== What the exercise asks ==
Copy each line of the entries beneath that contains the word "which".

== Given entries ==
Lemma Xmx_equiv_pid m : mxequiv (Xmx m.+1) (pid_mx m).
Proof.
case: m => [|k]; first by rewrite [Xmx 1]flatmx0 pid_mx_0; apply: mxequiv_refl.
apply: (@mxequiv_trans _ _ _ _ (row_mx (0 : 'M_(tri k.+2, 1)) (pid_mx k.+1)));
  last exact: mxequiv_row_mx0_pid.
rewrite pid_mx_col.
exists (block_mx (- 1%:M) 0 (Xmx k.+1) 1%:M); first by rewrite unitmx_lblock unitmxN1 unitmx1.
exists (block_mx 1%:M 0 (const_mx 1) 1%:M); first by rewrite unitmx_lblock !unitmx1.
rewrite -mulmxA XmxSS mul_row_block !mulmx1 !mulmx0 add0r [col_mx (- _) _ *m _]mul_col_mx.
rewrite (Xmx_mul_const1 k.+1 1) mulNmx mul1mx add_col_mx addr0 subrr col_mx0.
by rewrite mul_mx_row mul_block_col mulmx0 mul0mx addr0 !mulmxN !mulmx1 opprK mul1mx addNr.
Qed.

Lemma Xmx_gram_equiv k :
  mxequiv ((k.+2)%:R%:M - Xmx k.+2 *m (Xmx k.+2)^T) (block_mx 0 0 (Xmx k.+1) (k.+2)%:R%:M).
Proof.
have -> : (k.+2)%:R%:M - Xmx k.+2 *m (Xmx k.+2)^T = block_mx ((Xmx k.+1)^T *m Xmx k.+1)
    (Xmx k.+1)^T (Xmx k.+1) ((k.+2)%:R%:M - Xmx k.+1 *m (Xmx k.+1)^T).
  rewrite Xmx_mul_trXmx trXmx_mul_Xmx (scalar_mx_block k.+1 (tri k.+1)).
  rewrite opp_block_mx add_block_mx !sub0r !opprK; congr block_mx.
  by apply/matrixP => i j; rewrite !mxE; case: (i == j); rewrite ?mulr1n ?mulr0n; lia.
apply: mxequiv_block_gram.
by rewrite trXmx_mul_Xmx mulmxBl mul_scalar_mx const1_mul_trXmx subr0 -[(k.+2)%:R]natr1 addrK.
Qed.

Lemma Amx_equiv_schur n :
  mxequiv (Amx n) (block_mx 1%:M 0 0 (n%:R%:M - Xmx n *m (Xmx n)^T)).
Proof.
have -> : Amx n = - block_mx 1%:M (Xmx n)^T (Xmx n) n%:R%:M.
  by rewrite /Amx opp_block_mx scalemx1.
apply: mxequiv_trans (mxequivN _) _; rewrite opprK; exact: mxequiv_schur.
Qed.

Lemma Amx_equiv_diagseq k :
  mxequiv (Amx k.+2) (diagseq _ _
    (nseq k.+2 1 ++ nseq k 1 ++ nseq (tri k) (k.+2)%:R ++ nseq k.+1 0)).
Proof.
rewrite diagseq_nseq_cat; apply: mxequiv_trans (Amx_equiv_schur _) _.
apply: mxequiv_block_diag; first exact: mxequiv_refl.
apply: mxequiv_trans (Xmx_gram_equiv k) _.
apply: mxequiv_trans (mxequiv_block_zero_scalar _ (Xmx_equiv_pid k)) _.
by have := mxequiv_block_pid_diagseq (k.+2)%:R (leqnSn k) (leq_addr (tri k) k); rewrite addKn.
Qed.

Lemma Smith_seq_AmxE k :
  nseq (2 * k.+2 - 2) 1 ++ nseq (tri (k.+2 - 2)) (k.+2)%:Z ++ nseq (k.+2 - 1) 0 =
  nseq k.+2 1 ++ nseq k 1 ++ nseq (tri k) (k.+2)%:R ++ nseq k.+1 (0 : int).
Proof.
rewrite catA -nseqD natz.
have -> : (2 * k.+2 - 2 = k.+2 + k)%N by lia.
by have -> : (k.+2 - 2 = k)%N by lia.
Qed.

--

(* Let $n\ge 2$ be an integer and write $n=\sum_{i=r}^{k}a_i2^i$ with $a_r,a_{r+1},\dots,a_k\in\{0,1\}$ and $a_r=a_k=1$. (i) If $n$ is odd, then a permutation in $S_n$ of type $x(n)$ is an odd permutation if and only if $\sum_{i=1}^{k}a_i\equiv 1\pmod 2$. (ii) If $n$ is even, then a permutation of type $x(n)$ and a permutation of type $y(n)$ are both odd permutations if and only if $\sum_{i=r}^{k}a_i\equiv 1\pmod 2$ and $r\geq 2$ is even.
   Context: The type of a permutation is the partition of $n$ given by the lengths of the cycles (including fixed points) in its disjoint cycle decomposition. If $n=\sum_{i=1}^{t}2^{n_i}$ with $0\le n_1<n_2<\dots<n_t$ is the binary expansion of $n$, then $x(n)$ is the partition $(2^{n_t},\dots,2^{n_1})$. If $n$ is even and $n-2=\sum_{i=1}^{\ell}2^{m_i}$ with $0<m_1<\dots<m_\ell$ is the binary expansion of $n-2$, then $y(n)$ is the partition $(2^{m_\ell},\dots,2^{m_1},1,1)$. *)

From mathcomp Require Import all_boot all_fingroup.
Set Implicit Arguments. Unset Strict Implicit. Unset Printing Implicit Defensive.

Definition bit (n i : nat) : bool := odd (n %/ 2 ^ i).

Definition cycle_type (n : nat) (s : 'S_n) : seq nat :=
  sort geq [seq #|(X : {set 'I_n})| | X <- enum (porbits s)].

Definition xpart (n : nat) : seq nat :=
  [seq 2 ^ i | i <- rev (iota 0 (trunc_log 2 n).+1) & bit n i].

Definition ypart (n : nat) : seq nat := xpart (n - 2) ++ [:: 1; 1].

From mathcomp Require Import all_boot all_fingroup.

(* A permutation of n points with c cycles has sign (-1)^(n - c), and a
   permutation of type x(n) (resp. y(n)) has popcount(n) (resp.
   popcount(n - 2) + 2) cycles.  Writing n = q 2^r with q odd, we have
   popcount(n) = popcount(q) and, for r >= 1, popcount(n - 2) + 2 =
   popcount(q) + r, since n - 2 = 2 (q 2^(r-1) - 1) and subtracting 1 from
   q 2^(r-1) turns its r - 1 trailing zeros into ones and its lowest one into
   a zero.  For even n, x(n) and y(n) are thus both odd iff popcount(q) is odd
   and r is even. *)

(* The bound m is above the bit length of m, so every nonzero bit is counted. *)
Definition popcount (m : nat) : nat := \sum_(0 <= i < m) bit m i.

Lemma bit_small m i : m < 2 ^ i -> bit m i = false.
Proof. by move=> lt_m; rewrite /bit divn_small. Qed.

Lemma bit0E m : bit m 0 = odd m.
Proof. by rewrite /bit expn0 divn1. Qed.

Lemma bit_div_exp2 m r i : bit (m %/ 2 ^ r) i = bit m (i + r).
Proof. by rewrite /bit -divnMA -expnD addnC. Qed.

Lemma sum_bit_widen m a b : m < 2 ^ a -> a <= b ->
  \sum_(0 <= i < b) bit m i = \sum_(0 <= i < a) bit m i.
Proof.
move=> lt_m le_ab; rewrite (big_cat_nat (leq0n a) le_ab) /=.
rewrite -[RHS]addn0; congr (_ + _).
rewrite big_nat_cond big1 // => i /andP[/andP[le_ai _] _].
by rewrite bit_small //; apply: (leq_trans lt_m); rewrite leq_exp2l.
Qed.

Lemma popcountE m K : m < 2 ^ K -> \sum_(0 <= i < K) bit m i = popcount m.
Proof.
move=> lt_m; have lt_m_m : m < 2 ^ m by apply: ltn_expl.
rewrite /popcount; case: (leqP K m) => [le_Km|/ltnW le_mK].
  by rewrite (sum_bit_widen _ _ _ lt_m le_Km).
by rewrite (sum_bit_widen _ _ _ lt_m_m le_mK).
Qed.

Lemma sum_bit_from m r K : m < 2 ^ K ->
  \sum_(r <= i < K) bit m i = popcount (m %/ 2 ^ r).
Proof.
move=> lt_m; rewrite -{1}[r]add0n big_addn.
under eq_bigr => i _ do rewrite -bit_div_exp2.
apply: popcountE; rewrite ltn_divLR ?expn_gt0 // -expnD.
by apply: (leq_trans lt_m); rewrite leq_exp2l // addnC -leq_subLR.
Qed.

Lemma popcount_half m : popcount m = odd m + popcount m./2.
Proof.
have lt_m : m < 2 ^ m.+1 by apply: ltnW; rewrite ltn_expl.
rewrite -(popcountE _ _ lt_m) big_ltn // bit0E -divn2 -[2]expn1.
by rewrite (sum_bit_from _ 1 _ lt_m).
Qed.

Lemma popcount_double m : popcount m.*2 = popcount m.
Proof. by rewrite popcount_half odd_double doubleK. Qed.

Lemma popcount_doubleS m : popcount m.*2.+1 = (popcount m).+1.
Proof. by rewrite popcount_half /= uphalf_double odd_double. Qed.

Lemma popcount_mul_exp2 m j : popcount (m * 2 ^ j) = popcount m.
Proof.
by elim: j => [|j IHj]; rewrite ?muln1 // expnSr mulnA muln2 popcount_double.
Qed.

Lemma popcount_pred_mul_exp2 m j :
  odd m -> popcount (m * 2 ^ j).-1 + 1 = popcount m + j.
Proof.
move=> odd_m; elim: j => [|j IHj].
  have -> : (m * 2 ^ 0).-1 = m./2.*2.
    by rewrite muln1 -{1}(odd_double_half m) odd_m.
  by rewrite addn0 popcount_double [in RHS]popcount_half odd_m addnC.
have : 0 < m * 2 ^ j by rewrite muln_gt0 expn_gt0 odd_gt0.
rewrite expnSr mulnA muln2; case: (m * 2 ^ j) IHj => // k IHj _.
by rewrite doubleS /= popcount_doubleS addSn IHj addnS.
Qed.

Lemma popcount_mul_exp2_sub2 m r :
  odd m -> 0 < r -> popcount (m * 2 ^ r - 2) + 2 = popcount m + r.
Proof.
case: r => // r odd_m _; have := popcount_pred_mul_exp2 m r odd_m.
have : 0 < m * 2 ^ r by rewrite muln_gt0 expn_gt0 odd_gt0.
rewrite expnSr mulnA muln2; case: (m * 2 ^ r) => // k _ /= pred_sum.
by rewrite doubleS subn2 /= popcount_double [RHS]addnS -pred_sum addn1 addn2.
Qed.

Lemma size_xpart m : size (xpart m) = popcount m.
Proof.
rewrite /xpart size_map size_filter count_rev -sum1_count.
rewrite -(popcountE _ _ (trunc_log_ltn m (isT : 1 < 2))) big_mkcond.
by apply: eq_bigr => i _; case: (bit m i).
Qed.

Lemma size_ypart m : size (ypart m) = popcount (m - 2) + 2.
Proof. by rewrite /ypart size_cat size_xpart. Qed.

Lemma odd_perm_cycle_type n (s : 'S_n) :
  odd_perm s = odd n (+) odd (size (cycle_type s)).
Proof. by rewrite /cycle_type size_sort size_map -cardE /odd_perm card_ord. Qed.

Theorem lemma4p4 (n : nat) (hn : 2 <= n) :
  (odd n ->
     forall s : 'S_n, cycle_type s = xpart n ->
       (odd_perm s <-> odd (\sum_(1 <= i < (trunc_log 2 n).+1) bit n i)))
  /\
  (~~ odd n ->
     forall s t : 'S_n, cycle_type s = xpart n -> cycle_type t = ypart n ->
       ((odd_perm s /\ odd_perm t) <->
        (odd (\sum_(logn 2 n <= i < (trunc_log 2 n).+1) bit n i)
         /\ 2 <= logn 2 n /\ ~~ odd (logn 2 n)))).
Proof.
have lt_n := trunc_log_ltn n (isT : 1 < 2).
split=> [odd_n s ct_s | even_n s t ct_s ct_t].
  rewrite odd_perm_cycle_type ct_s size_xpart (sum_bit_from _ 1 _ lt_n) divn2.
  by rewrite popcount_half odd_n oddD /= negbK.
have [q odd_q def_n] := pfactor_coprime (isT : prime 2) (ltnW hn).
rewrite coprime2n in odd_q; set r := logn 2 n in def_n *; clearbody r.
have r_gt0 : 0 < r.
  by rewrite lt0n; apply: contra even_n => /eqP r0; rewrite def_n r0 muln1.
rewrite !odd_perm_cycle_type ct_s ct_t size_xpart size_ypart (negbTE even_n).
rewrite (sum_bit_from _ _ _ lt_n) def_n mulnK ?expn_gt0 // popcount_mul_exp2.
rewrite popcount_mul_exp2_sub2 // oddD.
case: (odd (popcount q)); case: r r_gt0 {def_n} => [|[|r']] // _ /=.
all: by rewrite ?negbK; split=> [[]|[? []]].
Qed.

* * *

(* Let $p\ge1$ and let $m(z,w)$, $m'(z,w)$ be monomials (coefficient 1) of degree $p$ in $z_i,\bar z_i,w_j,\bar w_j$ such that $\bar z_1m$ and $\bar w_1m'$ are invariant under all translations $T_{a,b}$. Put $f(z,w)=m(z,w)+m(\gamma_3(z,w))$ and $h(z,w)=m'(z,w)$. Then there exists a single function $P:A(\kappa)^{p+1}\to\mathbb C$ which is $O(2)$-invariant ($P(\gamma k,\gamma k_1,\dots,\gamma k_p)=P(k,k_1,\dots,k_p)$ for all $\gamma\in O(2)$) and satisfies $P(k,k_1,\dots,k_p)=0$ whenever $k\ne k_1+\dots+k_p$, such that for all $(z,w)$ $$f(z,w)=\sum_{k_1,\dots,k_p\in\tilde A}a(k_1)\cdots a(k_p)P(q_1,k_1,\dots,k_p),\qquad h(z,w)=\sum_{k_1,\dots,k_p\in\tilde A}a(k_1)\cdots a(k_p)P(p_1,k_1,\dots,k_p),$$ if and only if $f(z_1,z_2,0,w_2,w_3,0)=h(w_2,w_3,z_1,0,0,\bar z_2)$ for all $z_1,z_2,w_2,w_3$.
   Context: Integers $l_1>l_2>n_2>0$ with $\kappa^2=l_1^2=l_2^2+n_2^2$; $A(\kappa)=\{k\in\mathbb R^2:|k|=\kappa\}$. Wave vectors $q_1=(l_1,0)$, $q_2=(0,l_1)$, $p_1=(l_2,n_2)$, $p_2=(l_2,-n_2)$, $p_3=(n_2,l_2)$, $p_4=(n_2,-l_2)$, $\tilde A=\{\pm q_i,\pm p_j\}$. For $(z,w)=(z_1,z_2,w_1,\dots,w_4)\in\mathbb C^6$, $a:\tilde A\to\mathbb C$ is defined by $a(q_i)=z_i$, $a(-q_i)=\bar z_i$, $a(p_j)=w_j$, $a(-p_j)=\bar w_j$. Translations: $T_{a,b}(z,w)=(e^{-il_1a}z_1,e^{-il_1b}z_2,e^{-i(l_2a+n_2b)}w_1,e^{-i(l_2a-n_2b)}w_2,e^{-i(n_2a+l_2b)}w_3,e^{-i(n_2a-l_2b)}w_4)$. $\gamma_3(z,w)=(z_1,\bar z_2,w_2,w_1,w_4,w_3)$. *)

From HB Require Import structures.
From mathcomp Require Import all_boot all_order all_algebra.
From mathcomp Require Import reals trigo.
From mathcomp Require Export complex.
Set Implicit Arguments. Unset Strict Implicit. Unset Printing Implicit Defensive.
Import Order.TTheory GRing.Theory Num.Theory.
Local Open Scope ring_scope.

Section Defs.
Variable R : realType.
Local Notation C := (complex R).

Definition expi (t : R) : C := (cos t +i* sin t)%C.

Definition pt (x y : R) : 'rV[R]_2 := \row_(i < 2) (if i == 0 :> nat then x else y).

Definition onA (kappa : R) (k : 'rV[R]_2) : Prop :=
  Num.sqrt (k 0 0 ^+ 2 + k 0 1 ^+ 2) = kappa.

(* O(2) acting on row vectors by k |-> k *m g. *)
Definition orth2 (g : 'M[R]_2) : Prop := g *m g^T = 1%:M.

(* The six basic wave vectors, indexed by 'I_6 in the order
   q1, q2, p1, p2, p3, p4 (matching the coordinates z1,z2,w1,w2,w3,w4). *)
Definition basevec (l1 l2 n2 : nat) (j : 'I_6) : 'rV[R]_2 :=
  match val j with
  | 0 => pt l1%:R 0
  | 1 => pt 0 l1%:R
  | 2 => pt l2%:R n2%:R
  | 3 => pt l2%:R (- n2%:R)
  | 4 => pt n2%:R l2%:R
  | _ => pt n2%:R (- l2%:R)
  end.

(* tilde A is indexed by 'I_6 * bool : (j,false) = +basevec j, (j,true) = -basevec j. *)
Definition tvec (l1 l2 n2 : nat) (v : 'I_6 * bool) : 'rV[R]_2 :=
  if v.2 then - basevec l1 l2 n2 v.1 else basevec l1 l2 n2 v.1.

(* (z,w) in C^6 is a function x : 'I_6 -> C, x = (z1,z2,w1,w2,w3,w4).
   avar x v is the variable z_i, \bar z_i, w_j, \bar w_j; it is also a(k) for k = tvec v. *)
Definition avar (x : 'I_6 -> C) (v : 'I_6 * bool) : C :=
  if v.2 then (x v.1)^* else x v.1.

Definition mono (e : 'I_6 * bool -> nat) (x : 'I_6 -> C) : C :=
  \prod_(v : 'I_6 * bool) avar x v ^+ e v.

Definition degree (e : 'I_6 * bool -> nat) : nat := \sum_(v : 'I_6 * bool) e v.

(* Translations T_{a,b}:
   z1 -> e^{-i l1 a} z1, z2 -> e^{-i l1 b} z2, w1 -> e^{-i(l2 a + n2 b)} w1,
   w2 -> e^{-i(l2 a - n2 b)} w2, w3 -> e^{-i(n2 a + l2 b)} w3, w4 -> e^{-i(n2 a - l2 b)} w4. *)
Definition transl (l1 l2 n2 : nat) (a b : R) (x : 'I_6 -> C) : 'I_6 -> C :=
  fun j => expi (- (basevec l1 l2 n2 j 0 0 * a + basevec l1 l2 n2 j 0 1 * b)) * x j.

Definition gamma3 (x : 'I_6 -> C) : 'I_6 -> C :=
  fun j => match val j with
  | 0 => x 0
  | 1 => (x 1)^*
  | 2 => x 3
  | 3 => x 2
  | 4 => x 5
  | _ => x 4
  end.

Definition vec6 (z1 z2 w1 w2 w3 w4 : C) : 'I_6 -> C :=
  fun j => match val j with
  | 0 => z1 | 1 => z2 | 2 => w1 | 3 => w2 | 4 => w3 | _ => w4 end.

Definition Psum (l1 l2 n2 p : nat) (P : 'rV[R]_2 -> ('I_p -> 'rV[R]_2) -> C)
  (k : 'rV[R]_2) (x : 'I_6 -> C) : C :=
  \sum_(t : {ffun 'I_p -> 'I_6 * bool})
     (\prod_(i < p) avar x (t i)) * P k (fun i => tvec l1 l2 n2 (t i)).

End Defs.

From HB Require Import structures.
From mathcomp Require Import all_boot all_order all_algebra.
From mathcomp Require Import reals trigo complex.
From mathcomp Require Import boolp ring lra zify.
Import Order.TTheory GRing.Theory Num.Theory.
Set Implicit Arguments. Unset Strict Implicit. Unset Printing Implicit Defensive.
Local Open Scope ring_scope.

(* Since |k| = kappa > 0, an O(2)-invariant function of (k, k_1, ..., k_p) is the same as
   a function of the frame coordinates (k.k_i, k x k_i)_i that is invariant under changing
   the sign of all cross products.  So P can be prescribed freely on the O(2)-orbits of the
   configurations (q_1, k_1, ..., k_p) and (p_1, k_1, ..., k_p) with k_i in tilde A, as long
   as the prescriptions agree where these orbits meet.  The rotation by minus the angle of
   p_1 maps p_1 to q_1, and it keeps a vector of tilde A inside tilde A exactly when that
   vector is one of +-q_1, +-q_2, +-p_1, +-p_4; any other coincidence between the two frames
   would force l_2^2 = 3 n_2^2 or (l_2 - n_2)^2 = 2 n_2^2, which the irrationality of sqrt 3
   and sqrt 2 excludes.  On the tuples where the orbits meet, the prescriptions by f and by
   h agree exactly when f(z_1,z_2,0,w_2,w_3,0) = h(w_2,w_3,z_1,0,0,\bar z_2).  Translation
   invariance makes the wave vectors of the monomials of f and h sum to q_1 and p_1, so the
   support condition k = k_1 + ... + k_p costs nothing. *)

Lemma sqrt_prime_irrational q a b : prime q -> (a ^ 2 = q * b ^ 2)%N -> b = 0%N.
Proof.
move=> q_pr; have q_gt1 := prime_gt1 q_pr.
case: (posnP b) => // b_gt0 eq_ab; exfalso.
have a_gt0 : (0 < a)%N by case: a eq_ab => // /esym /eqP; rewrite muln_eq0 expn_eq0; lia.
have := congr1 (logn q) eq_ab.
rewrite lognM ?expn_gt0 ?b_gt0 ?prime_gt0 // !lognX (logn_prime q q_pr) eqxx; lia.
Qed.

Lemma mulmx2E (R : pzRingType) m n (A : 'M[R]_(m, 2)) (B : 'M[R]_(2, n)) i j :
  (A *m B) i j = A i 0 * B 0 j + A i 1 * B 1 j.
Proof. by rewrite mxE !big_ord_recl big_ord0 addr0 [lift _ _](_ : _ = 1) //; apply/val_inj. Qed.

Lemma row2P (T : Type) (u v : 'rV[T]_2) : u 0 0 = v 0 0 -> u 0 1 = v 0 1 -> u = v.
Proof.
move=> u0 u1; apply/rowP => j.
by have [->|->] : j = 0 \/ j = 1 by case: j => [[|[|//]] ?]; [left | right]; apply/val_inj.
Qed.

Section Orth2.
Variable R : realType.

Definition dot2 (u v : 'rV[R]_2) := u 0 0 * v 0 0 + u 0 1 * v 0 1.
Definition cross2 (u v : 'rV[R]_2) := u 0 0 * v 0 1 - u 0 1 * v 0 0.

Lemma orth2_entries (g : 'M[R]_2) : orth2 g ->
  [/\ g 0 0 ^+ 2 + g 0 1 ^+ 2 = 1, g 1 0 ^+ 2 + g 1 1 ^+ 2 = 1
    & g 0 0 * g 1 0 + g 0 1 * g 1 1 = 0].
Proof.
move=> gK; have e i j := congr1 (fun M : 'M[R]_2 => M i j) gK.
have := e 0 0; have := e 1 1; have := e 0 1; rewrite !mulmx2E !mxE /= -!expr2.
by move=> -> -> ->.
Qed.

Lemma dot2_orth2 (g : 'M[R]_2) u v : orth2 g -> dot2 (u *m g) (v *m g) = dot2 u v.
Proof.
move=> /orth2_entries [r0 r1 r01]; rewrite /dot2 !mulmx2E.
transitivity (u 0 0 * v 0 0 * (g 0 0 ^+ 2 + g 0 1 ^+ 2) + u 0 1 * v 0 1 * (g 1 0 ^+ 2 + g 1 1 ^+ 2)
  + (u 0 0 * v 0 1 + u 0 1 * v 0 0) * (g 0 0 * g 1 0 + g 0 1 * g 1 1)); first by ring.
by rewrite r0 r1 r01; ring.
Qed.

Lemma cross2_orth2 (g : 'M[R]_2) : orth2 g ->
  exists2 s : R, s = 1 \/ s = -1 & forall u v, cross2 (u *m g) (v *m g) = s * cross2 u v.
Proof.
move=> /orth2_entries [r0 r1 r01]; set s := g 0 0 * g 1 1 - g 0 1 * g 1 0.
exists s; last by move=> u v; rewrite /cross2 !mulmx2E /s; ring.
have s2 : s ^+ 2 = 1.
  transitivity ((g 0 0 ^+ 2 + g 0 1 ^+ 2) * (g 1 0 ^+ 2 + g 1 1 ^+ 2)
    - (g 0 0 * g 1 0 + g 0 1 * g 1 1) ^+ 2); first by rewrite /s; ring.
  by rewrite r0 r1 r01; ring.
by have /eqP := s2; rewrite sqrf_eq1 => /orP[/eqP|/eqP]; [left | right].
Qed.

== Response to the task ==
(* Let $p\ge1$ and let $m(z,w)$, $m'(z,w)$ be monomials (coefficient 1) of degree $p$ in $z_i,\bar z_i,w_j,\bar w_j$ such that $\bar z_1m$ and $\bar w_1m'$ are invariant under all translations $T_{a,b}$. Put $f(z,w)=m(z,w)+m(\gamma_3(z,w))$ and $h(z,w)=m'(z,w)$. Then there exists a single function $P:A(\kappa)^{p+1}\to\mathbb C$ which is $O(2)$-invariant ($P(\gamma k,\gamma k_1,\dots,\gamma k_p)=P(k,k_1,\dots,k_p)$ for all $\gamma\in O(2)$) and satisfies $P(k,k_1,\dots,k_p)=0$ whenever $k\ne k_1+\dots+k_p$, such that for all $(z,w)$ $$f(z,w)=\sum_{k_1,\dots,k_p\in\tilde A}a(k_1)\cdots a(k_p)P(q_1,k_1,\dots,k_p),\qquad h(z,w)=\sum_{k_1,\dots,k_p\in\tilde A}a(k_1)\cdots a(k_p)P(p_1,k_1,\dots,k_p),$$ if and only if $f(z_1,z_2,0,w_2,w_3,0)=h(w_2,w_3,z_1,0,0,\bar z_2)$ for all $z_1,z_2,w_2,w_3$.
   would force l_2^2 = 3 n_2^2 or (l_2 - n_2)^2 = 2 n_2^2, which the irrationality of sqrt 3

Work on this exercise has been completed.